You will probably need to escape the exclamation mark with a backslash, as shown in the example.
Running this code prints the values of some cells of this file sheet in the command line.
## Use GCP through code that runs on GCP
You can use the GCP through code that runs on the GCP itself.
This is the same as running code unsupervised or automatically as part of a service, without needing to log into your Google account.
Therefore you need a service account. [Contact the Data Engineering community on Slack](https://gds.slack.com/archives/C032AH1D6MU) to ask for a service account, saying what [roles and permissions]() it requires.
[Contact the Data Engineering community on Slack](https://gds.slack.com/archives/C032AH1D6MU) to ask them to attach the service account to the resource in GCP that the code will run in.
You should not need to modify your code, because this code will automatically find and use the service account credentials.
### Access files on Google Drive, such as Sheets and Docs, using a service account
In Google Drive, share the files with the email address of the service account.
## Impersonate a service account on your local device
1. [Contact the Data Engineering community on Slack](https://gds.slack.com/archives/C032AH1D6MU) to get a service account that grants your personal account the role __Service Account Token Creator__, which includes the permission __iam.serviceAccounts.getAccessToken__.
Note the email address of the service account.
1. Follow the [documentation on using GCP through the command line on your local machine](#use-gcp-through-the-command-line-on-your-local-machine).
1. Run `gcloud auth application-default login --impersonate-service-account=EMAIL_ADDRESS` on the command line, where `EMAIL_ADDRESS` is the email of the service account, ending in `.iam.gserviceaccount.com`.
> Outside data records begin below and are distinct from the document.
(* Let $(X,d,\mu)$ be as in the context (no doubling assumed), $x\in X$, and $q,R_0>0$. Then $q\in\underline{Q}_0(x)$ if and only if there is $C>0$ with $\mu(B_r)/\mu(B_R)\le C(r/R)^q$ for all $0<r<R\le R_0$; similarly $q\in\overline{Q}_0(x)$ if and only if there is $C>0$ with $\mu(B_r)/\mu(B_R)\ge C(r/R)^q$ for all $0<r<R\le R_0$. Assume furthermore that $f(r):=\mu(B_r)$ is locally absolutely continuous on $(0,\infty)$, and let $\underline{q}=\operatorname{ess\,lim\,inf}_{r\to0} rf'(r)/f(r)$ and $\overline{q}=\operatorname{ess\,lim\,sup}_{r\to0}rf'(r)/f(r)$. Then $(0,\underline{q})\subset\underline{Q}_0(x)\subset(0,\overline{q}]$ and $(\overline{q},\infty)\subset\overline{Q}_0(x)\subset[\underline{q},\infty)$.
   Context: $(X,d,\mu)$ is a metric space with a positive complete Borel measure $\mu$ such that $0<\mu(B)<\infty$ for every ball $B$; $B_r=B(x,r)$. $\underline{Q}_0(x)=\{q>0:\exists C_q,\ \mu(B_r)/\mu(B_R)\le C_q(r/R)^q\text{ for }0<r<R\le1\}$ and $\overline{Q}_0(x)=\{q>0:\exists C_q,\ \mu(B_r)/\mu(B_R)\ge C_q(r/R)^q\text{ for }0<r<R\le1\}$. *)

From Stdlib Require Import Reals Lra.
Open Scope R_scope.

Inductive ER : Type := Fin (r : R) | PInf | MInf.

Definition ER_le (x y : ER) : Prop :=
  match x, y with
  | MInf, _ => True
  | _, PInf => True
  | Fin a, Fin b => a <= b
  | _, _ => False
  end.
Definition ER_lt (x y : ER) : Prop := ER_le x y /\ x <> y.

Definition ER_add (x y : ER) : ER :=
  match x, y with
  | Fin a, Fin b => Fin (a + b)
  | MInf, _ | _, MInf => MInf
  | _, _ => PInf
  end.

Fixpoint ER_psum (a : nat -> ER) (n : nat) : ER :=
  match n with O => Fin 0 | S m => ER_add (ER_psum a m) (a m) end.

Definition is_sup (S : ER -> Prop) (L : ER) : Prop :=
  (forall e, S e -> ER_le e L) /\
  (forall M, (forall e, S e -> ER_le e M) -> ER_le L M).
Definition is_inf (S : ER -> Prop) (L : ER) : Prop :=
  (forall e, S e -> ER_le L e) /\
  (forall M, (forall e, S e -> ER_le M e) -> ER_le M L).

Definition is_metric {X : Type} (d : X -> X -> R) : Prop :=
  (forall x y, 0 <= d x y) /\ (forall x y, d x y = 0 <-> x = y) /\
  (forall x y, d x y = d y x) /\ (forall x y z, d x z <= d x y + d y z).

Definition ball {X : Type} (d : X -> X -> R) (x : X) (r : R) : X -> Prop :=
  fun y => d x y < r.

Definition is_open {X : Type} (d : X -> X -> R) (U : X -> Prop) : Prop :=
  forall y, U y -> exists e, 0 < e /\ forall z, d y z < e -> U z.

Definition is_sigma_algebra {X : Type} (M : (X -> Prop) -> Prop) : Prop :=
  M (fun _ => True) /\
  (forall A, M A -> M (fun y => ~ A y)) /\
  (forall A : nat -> X -> Prop, (forall n, M (A n)) -> M (fun y => exists n, A n y)).

Definition is_measure {X : Type} (M : (X -> Prop) -> Prop) (mu : (X -> Prop) -> ER) : Prop :=
  is_sigma_algebra M /\
  mu (fun _ => False) = Fin 0 /\
  (forall A, M A -> ER_le (Fin 0) (mu A)) /\
  (forall A : nat -> X -> Prop,
     (forall n, M (A n)) ->
     (forall n m y, n <> m -> A n y -> A m y -> False) ->
     is_sup (fun e => exists n, e = ER_psum (fun k => mu (A k)) n)
            (mu (fun y => exists n, A n y))).

Definition is_complete_borel_measure {X : Type} (d : X -> X -> R)
  (M : (X -> Prop) -> Prop) (mu : (X -> Prop) -> ER) : Prop :=
  is_measure M mu /\
  (forall U, is_open d U -> M U) /\
  (forall A N, M N -> mu N = Fin 0 -> (forall y, A y -> N y) -> M A).

Definition balls_pos_finite {X : Type} (d : X -> X -> R) (mu : (X -> Prop) -> ER) : Prop :=
  forall x r, 0 < r -> exists v, mu (ball d x r) = Fin v /\ 0 < v.

(* f(r) = mu(B(x,r)) as a real number (finite by assumption) *)
Definition ball_meas {X : Type} (d : X -> X -> R) (mu : (X -> Prop) -> ER) (x : X) (r : R) : R :=
  match mu (ball d x r) with Fin v => v | _ => 0 end.

Definition Qlow {X : Type} (d : X -> X -> R) (mu : (X -> Prop) -> ER) (x : X) (q : R) : Prop :=
  0 < q /\ exists C, 0 < C /\ forall r R0, 0 < r -> r < R0 -> R0 <= 1 ->
    ball_meas d mu x r / ball_meas d mu x R0 <= C * Rpower (r / R0) q.

Definition Qup {X : Type} (d : X -> X -> R) (mu : (X -> Prop) -> ER) (x : X) (q : R) : Prop :=
  0 < q /\ exists C, 0 < C /\ forall r R0, 0 < r -> r < R0 -> R0 <= 1 ->
    ball_meas d mu x r / ball_meas d mu x R0 >= C * Rpower (r / R0) q.

Fixpoint psum (g : nat -> R) (n : nat) : R :=
  match n with O => 0 | S m => psum g m + g m end.

Definition abs_cont_on (f : R -> R) (a b : R) : Prop :=
  forall eps, 0 < eps -> exists del, 0 < del /\
    forall (n : nat) (u v : nat -> R),
      (forall i, (i < n)%nat -> a <= u i /\ u i <= v i /\ v i <= b) ->
      (forall i, (S i < n)%nat -> v i <= u (S i)) ->
      psum (fun i => v i - u i) n < del ->
      psum (fun i => Rabs (f (v i) - f (u i))) n < eps.

Definition loc_abs_cont (f : R -> R) : Prop :=
  forall a b, 0 < a -> a < b -> abs_cont_on f a b.

Definition lnull (N : R -> Prop) : Prop :=
  forall eps, 0 < eps -> exists c e : nat -> R,
    (forall k, c k <= e k) /\
    (forall r, N r -> exists k, c k < r /\ r < e k) /\
    (forall n, psum (fun k => e k - c k) n <= eps).

(* g(r) = r f'(r)/f(r) >= t for a.e. r in (0,del), for some del > 0
   (points where f is not differentiable count as exceptional) *)
Definition ess_ge_near0 (f : R -> R) (t : R) : Prop :=
  exists del, 0 < del /\
    lnull (fun r => 0 < r /\ r < del /\
             ~ (exists l, derivable_pt_lim f r l /\ t <= r * l / f r)).
Definition ess_le_near0 (f : R -> R) (t : R) : Prop :=
  exists del, 0 < del /\
    lnull (fun r => 0 < r /\ r < del /\
             ~ (exists l, derivable_pt_lim f r l /\ r * l / f r <= t)).

Definition is_ess_liminf (f : R -> R) (L : ER) : Prop :=
  is_sup (fun e => exists t, e = Fin t /\ ess_ge_near0 f t) L.
Definition is_ess_limsup (f : R -> R) (U : ER) : Prop :=
  is_inf (fun e => exists t, e = Fin t /\ ess_le_near0 f t) U.

From Stdlib Require Import Reals Lra Lia Classical FunctionalExtensionality PropExtensionality.
Open Scope R_scope.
The Google Cloud client libraries will now use the service account.
## Use GCP from code that runs on Google Colab
Paste and run the following code into a cell in a Colab notebook.
```py
from google.colab import auth
# Authenticate the user - follow the link and the prompts to get an authentication token
auth.authenticate_user()
```
## Avoid using a credentials file
[You should not use a credentials file](https://cloud.google.com/blog/products/identity-security/how-to-authenticate-service-accounts-to-help-keep-applications-secure) because they pose a security risk.
The Google Cloud client libraries will automatically find the credentials that it needs, whether you are running code on your local device or in GCP itself.